Scheduled completion date: 31 March 2009

Completed: December 2010

 

Background: Exposure to excessive manganese (Mn) is known to lead to motor and psychological disorders. Understanding the vulnerability of glutamatergic and GABAergic systems to manganese (Mn) toxicity should provide insights into the mechanisms of Mn-induced neurotoxicity.

 

Objectives: Our goal was to study whether brain levels of gamma aminobutyric acid (GABA), glutamate and other brain metabolites in smelters were altered as a consequence of Mn exposure as compared to healthy controls, and to investigate their potential as biomarker.

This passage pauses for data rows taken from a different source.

(* Let $\pi\in\mathcal{S}_n$ be an arbitrary permutation. (a) For every $r\ge0$ and every $(i,j)\in\mathcal{E}_r(\pi)$ we have $i+j\le n+r$. (b) Let $(i,j)\in D(\pi)$ be a diagram square of rank $1$ such that $(i-1,j)\notin D(\pi)$ and $(i,j-1)\notin D(\pi)$. Then $\pi_{i-1}=j-1$. Furthermore, for any $(i,j)\in\mathcal{E}_1(\pi)$ there is no $(i',j')\in\mathcal{E}(\pi)$ with $i'<i$ and $j'<j$.
   Context: Represent $\pi\in\mathcal{S}_n$ by an $n\times n$ array, rows $i=1,\dots,n$ numbered top to bottom and columns $j=1,\dots,n$ left to right, with a dot in square $(i,\pi_i)$. The diagram $D(\pi)$ is the set of squares $(i,j)$ with $\pi_i>j$ and $\pi^{-1}(j)>i$; its elements are diagram squares. The essential set $\mathcal{E}(\pi)$ is the set of $(i,j)\in D(\pi)$ with $(i+1,j)\notin D(\pi)$ and $(i,j+1)\notin D(\pi)$ (squares outside the array count as not in $D(\pi)$). The rank of a square $(i,j)$ is $\rho(i,j)=\#\{k<i:\pi_k<j\}$ (number of dots strictly northwest), and $\mathcal{E}_r(\pi)=\{(i,j)\in\mathcal{E}(\pi):\rho(i,j)=r\}$. *)

From mathcomp Require Import all_boot all_fingroup.
Set Implicit Arguments. Unset Strict Implicit. Unset Printing Implicit Defensive.

(* Conventions: rows/columns and values are 1-based natural numbers, as in the
   paper.  A permutation s : 'S_n acts on 'I_n = {0,..,n-1}; we set
   pi s i := (s (i-1)) + 1 for 1 <= i <= n (and 0 outside that range). *)

Definition pv n (s : 'S_n) (i : nat) : nat :=
  if 0 < i then
    match (insub i.-1 : option 'I_n) with Some k => (s k).+1 | None => 0 end
  else 0.

Definition pinv n (s : 'S_n) (j : nat) : nat := pv (s^-1)%g j.

Definition inD n (s : 'S_n) (i j : nat) : bool :=
  [&& 0 < i <= n, 0 < j <= n, j < pv s i & i < pinv s j].

Definition essential n (s : 'S_n) (i j : nat) : bool :=
  [&& inD s i j, ~~ inD s i.+1 j & ~~ inD s i j.+1].

Definition rk n (s : 'S_n) (i j : nat) : nat :=
  count (fun k => pv s k < j) (iota 1 i.-1).

From mathcomp Require Import all_boot all_fingroup.
From mathcomp Require Import zify.
Set Implicit Arguments. Unset Strict Implicit. Unset Printing Implicit Defensive.

(* (a): of the j-1 dots in the columns left of j, rk(i,j) lie above row i and
   none lies in row i; the others lie in the n-i rows below i, but not in the
   row of the dot of column j.  Hence j-1 <= rk(i,j) + (n-i-1).
   (b), (c): rank 1 means there is exactly one dot northwest of (i,j).  In (b)
   the two boundary conditions put dots at row i-1 and at column j-1, both
   northwest of (i,j), so they coincide.  In (c) an essential square (i',j')
   northwest of (i,j) puts a dot in row i'+1 at a column <= j' and a dot in
   column j'+1 at a row <= i'; both are northwest of (i,j) and they differ. *)

Lemma count_gt1 (T : eqType) (P : pred T) (l : seq T) a b :
  uniq l -> a \in l -> b \in l -> a != b -> P a -> P b -> 1 < count P l.
Proof.
move=> l_uniq al bl neq_ab Pa Pb; rewrite -size_filter.
apply: (@uniq_leq_size _ [:: a; b]); first by rewrite /= inE neq_ab.
by move=> x; rewrite !inE mem_filter => /orP[] /eqP ->; rewrite ?Pa ?Pb.
Qed.

Lemma pv_ord n (s : 'S_n) (k : 'I_n) : pv s k.+1 = (s k).+1.
Proof. by rewrite /pv /= valK. Qed.

Lemma pinv_inv n (s : 'S_n) : pinv (s^-1)%g =1 pv s.
Proof. by move=> i; rewrite /pinv invgK. Qed.

Lemma inD_inv n (s : 'S_n) i j : inD (s^-1)%g j i = inD s i j.
Proof.
rewrite /inD pinv_inv -/(pinv s j).
by case: (0 < i <= n); case: (0 < j <= n); rewrite //= andbC.
Qed.

Lemma pv_range n (s : 'S_n) i : 0 < i <= n -> 0 < pv s i <= n.
Proof.
case/andP=> i_gt0 le_in; have lt_in : i.-1 < n by lia.
by rewrite -(prednK i_gt0) (pv_ord s (Ordinal lt_in)) ltn_ord.
Qed.

Lemma pvK n (s : 'S_n) i : 0 < i <= n -> pinv s (pv s i) = i.
Proof.
case/andP=> i_gt0 le_in; have lt_in : i.-1 < n by lia.
by rewrite -(prednK i_gt0) (pv_ord s (Ordinal lt_in)) /pinv pv_ord permK.
Qed.

Lemma pinv_range n (s : 'S_n) j : 0 < j <= n -> 0 < pinv s j <= n.
Proof. exact: pv_range. Qed.

Lemma pinvK n (s : 'S_n) j : 0 < j <= n -> pv s (pinv s j) = j.
Proof. by move=> j_range; rewrite -pinv_inv pvK. Qed.

Section Diagram.

Variables (n : nat) (s : 'S_n).

Lemma notD_below i j : inD s i j -> i < n -> ~~ inD s i.+1 j -> pv s i.+1 <= j.
Proof.
case/and4P=> _ j_range _ lt_i_pinvj lt_in.
rewrite /inD lt_in j_range /= negb_and -!leqNgt => /orP[// | le_pinvj].
have <- : pinv s j = i.+1 by lia.
by rewrite pinvK.
Qed.

Lemma notD_above i j k : inD s i j -> 0 < k <= i -> ~~ inD s k j -> pv s k < j.
Proof.
case/and4P=> /andP[_ le_in] j_range _ lt_i_pinvj /andP[k_gt0 le_ki].
have k_range : 0 < k <= n by rewrite k_gt0 (leq_trans le_ki).
rewrite /inD k_range j_range (leq_ltn_trans le_ki lt_i_pinvj) andbT -leqNgt.
rewrite leq_eqVlt => /orP[/eqP eq_pvk_j | //].
by have := pvK s k_range; rewrite eq_pvk_j; lia.
Qed.

Lemma perm_pv_iota : perm_eq (map (pv s) (iota 1 n)) (iota 1 n).
Proof.
have in_range k : (k \in iota 1 n) = (0 < k <= n) by rewrite mem_iota; lia.
apply: uniq_perm; rewrite ?iota_uniq //.
  rewrite map_inj_in_uniq ?iota_uniq // => a b.
  by rewrite !in_range => a_range b_range eq_ab; rewrite -(pvK s a_range) eq_ab pvK.
move=> x; rewrite in_range; apply/mapP/idP => [[k] | x_range].
  by rewrite in_range => /(pv_range s) + ->.
by exists (pinv s x); rewrite ?in_range ?pinv_range ?pinvK.
Qed.

Lemma count_pv_lt j : j <= n.+1 -> count (fun k => pv s k < j) (iota 1 n) = j.-1.
Proof.
rewrite -(count_map (pv s) (fun v => v < j)) (seq.permP perm_pv_iota).
case: j => [_ | j le_jn]; first by rewrite (eq_count (a2 := pred0)) ?count_pred0.
by rewrite -size_filter -add1n filter_iota_ltn ?size_iota.
Qed.

Lemma inD_rank_bound i j : inD s i j -> i + j <= n + rk s i j.
Proof.
case/and4P=> /andP[i_gt0 le_in] /andP[j_gt0 le_jn] lt_j_pvi lt_i_pinvj.
have iota_split : iota 1 n = iota 1 i.-1 ++ i :: iota i.+1 (n - i).
  rewrite {1}(_ : n = i.-1 + (1 + (n - i))); last by lia.
  by rewrite iotaD !add1n prednK.
have := count_pv_lt (leqW le_jn).
rewrite iota_split count_cat /= -/(rk s i j) ltnNge (ltnW lt_j_pvi) add0n.
have : count (fun k => pv s k < j) (iota i.+1 (n - i)) < n - i.
  rewrite -[X in _ < X](size_iota i.+1) ltn_neqAle count_size andbT -all_count.
  apply/allPn; exists (pinv s j); last by rewrite pinvK ?ltnn ?j_gt0.
  by have := pinv_range s (j := j); rewrite mem_iota; lia.
lia.
Qed.

Lemma rank_pos_row i j : 0 < rk s i j -> exists2 k, 0 < k < i & pv s k < j.
Proof. by rewrite -has_count => /hasP[k]; rewrite mem_iota => k_range; exists k => //; lia. Qed.

Lemma rank1_row_uniq i j a b : rk s i j = 1 ->
  0 < a < i -> 0 < b < i -> pv s a < j -> pv s b < j -> a = b.
Proof.
move=> rk1 a_range b_range lt_pva lt_pvb; apply/eqP/negPn/negP => neq_ab.
have in_iota k : 0 < k < i -> k \in iota 1 i.-1 by rewrite mem_iota; lia.
have := count_gt1 (P := fun k => pv s k < j) (iota_uniq 1 i.-1)
  (in_iota a a_range) (in_iota b b_range) neq_ab lt_pva lt_pvb.
by rewrite -/(rk s i j) rk1.
Qed.

End Diagram.

Lemma notD_right n (s : 'S_n) i j :
  inD s i j -> j < n -> ~~ inD s i j.+1 -> pinv s j.+1 <= i.
Proof. rewrite -!(inD_inv s); exact: notD_below. Qed.

Lemma notD_left n (s : 'S_n) i j l :
  inD s i j -> 0 < l <= j -> ~~ inD s i l -> pinv s l < i.
Proof. rewrite -!(inD_inv s); exact: notD_above. Qed.

Lemma rank1_corner n (s : 'S_n) i j : inD s i j -> rk s i j = 1 ->
  ~~ inD s i.-1 j -> ~~ inD s i j.-1 -> pv s i.-1 = j.-1.
Proof.
move=> Dij rk1 notD_up notD_lft.
have [i_range j_range] : 0 < i <= n /\ 0 < j <= n by case/and4P: Dij.
have [k k_range lt_pvk_j] : exists2 k, 0 < k < i & pv s k < j.
  by apply: rank_pos_row; rewrite rk1.
have := pv_range s (i := k) => pvk_range.
have lt_pv_j : pv s i.-1 < j by apply: (notD_above Dij) notD_up; lia.
have lt_pinv_i : pinv s j.-1 < i by apply: (notD_left Dij) notD_lft; lia.
have := pinv_range s (j := j.-1) => pinv_range_j1.
have corner : i.-1 = pinv s j.-1.
  by apply: (rank1_row_uniq rk1) => //; rewrite ?pinvK; lia.
by rewrite corner pinvK //; lia.
Qed.

Lemma rank1_essential_no_NW n (s : 'S_n) i j i' j' :
  essential s i j -> rk s i j = 1 -> essential s i' j' -> i' < i -> j' < j -> False.
Proof.
case/and3P=> /and4P[/andP[_ le_in] /andP[_ le_jn] lt_j_pvi lt_i_pinvj] _ _ rk1.
case/and3P=> D' not_below not_right lt_i'i lt_j'j.
have le_pv_j' : pv s i'.+1 <= j' by apply: (notD_below D') not_below => //; lia.
have le_pinv_i' : pinv s j'.+1 <= i' by apply: (notD_right D') not_right => //; lia.
have neq_i'1_i : i'.+1 != i by apply: contraTneq le_pv_j' => ->; lia.
have neq_j'1_j : j'.+1 != j by apply: contraTneq le_pinv_i' => ->; lia.
have := pinv_range s (j := j'.+1) => pinv_range_j'1.
have := rank1_row_uniq rk1 (a := i'.+1) (b := pinv s j'.+1).
by rewrite pinvK; lia.
Qed.

Theorem lemma2p2 (n : nat) (s : 'S_n) :
  (forall (r i j : nat), essential s i j -> rk s i j = r -> i + j <= n + r) /\
  (forall i j : nat, inD s i j -> rk s i j = 1 ->
     ~~ inD s i.-1 j -> ~~ inD s i j.-1 -> pv s i.-1 = j.-1) /\
  (forall i j : nat, essential s i j -> rk s i j = 1 ->
     ~ (exists i' j' : nat, [&& essential s i' j', i' < i & j' < j])).
Proof.
split; [|split].
- by move=> r i j /and3P[Dij _ _] <-; apply: inD_rank_bound.
- exact: rank1_corner.
- by move=> i j Eij rk1 [i' [j' /and3P[]]]; apply: rank1_essential_no_NW Eij rk1.
Qed.
(* If [y1] had no zero coordinate, [Pbar] would extend beyond [y1] in the
   direction [y1 - y2]. *)
Lemma Pbar_segment_end_zero y1 y2 : Pbar_segment y1 y2 -> y1 != y2 ->
  exists j, y1 j 0 = 0.
Proof.
move=> seg y1_neq_y2.
have [[Ay1 [y1_ge0 y1_sum]] [Ay2 [y2_ge0 y2_sum]]] := Pbar_segment_ends seg.
apply/not_existsP => y1_neq0.
have y1_pos j : 0 < y1 j 0 by rewrite lt_neqAle eq_sym y1_ge0 andbT; apply/eqP.
pose S := \sum_(j < m) y2 j 0 / y1 j 0.
have S_ge0 : 0 <= S by apply: sumr_ge0 => j _; rewrite divr_ge0.
pose eps := (1 + S)^-1.
have eps_gt0 : 0 < eps by rewrite invr_gt0; lra.
have eps_y2_le j : eps * y2 j 0 <= y1 j 0.
  have : y2 j 0 / y1 j 0 <= S.
    by rewrite /S (bigD1 j) //= lerDl sumr_ge0 // => k _; rewrite divr_ge0.
  rewrite ler_pdivrMr // => y2_le.
  by rewrite mulrC ler_pdivrMr; have := y1_pos j; nra.
have : inPbar A (y1 + eps *: (y1 - y2)).
  split; first by rewrite mulmxDr -scalemxAr mulmxBr Ay1 Ay2 subrr scaler0 addr0.
  split=> [j|]; first by rewrite !mxE; have := eps_y2_le j; have := y1_pos j; nra.
  under eq_bigr do rewrite !mxE.
  by rewrite big_split /= -mulr_sumr sumrB y1_sum y2_sum subrr mulr0 addr0.
move=> /seg [t [/andP [t_ge0 _] eq_t]].
move/eqP: y1_neq_y2; apply; apply/matrixP => i k; rewrite (ord1 k).
have := congr1 (fun M : 'cV[R]_m => M i 0) eq_t; rewrite !mxE => eq_ti.
have /eqP : (eps + t) * (y1 i 0 - y2 i 0) = 0 by lra.
by rewrite mulf_eq0 subr_eq0 => /orP [/eqP|/eqP //]; lra.
Qed.

Variables (y1 y2 : 'cV[R]_m).
Hypotheses (seg : Pbar_segment y1 y2) (y1_neq_y2 : y1 != y2).
Hypothesis kerA_pos : exists y : 'cV[R]_m, A *m y = 0 /\ forall j, 0 < y j 0.

Local Notation q := (qvec y1 y2).

Lemma ends_add_gt0 j : 0 < y1 j 0 + y2 j 0.
Proof.
have [[_ [y1_ge0 _]] [_ [y2_ge0 _]]] := Pbar_segment_ends seg.
have [y [Ay y_pos]] := kerA_pos.
pose sy := \sum_(k < m) y k 0.
have sy_gt0 : 0 < sy.
  rewrite /sy (bigD1 j) //= ltr_pwDl // sumr_ge0 // => k _.
  exact: ltW.
have : inPbar A (sy^-1 *: y).
  split; first by rewrite -scalemxAr Ay scaler0.
  split=> [k|]; first by rewrite mxE mulr_ge0 ?invr_ge0 ?ltW.
  by under eq_bigr do rewrite mxE; rewrite -mulr_sumr mulVf ?lt0r_neq0.
move=> /seg [t [/andP [t_ge0 t_le1] /(congr1 (fun M : 'cV[R]_m => M j 0))]].
rewrite !mxE => eq_j.
have : 0 < sy^-1 * y j 0 by rewrite mulr_gt0 ?invr_gt0.
by rewrite eq_j; have := y1_ge0 j; have := y2_ge0 j; nra.
Qed.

Methods:  High-resolution 3D MRI was used to quantify Mn deposition in the brain by the pallidal index, and the single voxel Magnetic Resonance Spectroscopy (MRS) was used to investigate brain concentrations of active metabolites in the globus pallidus, putamen, thalamus and frontal cortex of a well-established cohort of 10 male Mn-exposed smelters and 10 male age-matched control subjects. In addition, the MEGA-PRESS sequence was used to determine GABA levels in the basal ganglia.

Results: Seven out of ten exposed subjects showed clear T1-hyperintense signals in the globus pallidus. A significant increase of GABA/tCr by 82% (p<0.01) was found in the basal ganglia region due to Mn exposure and NAA/tCr was significantly decreased in the frontal cortex of exposed subjects (9%, p<0.05). Using both, the GABA level and the pallidal index, the logistic regression model allows for differentiation of the exposed from the non-exposed subjects with 91% accuracy.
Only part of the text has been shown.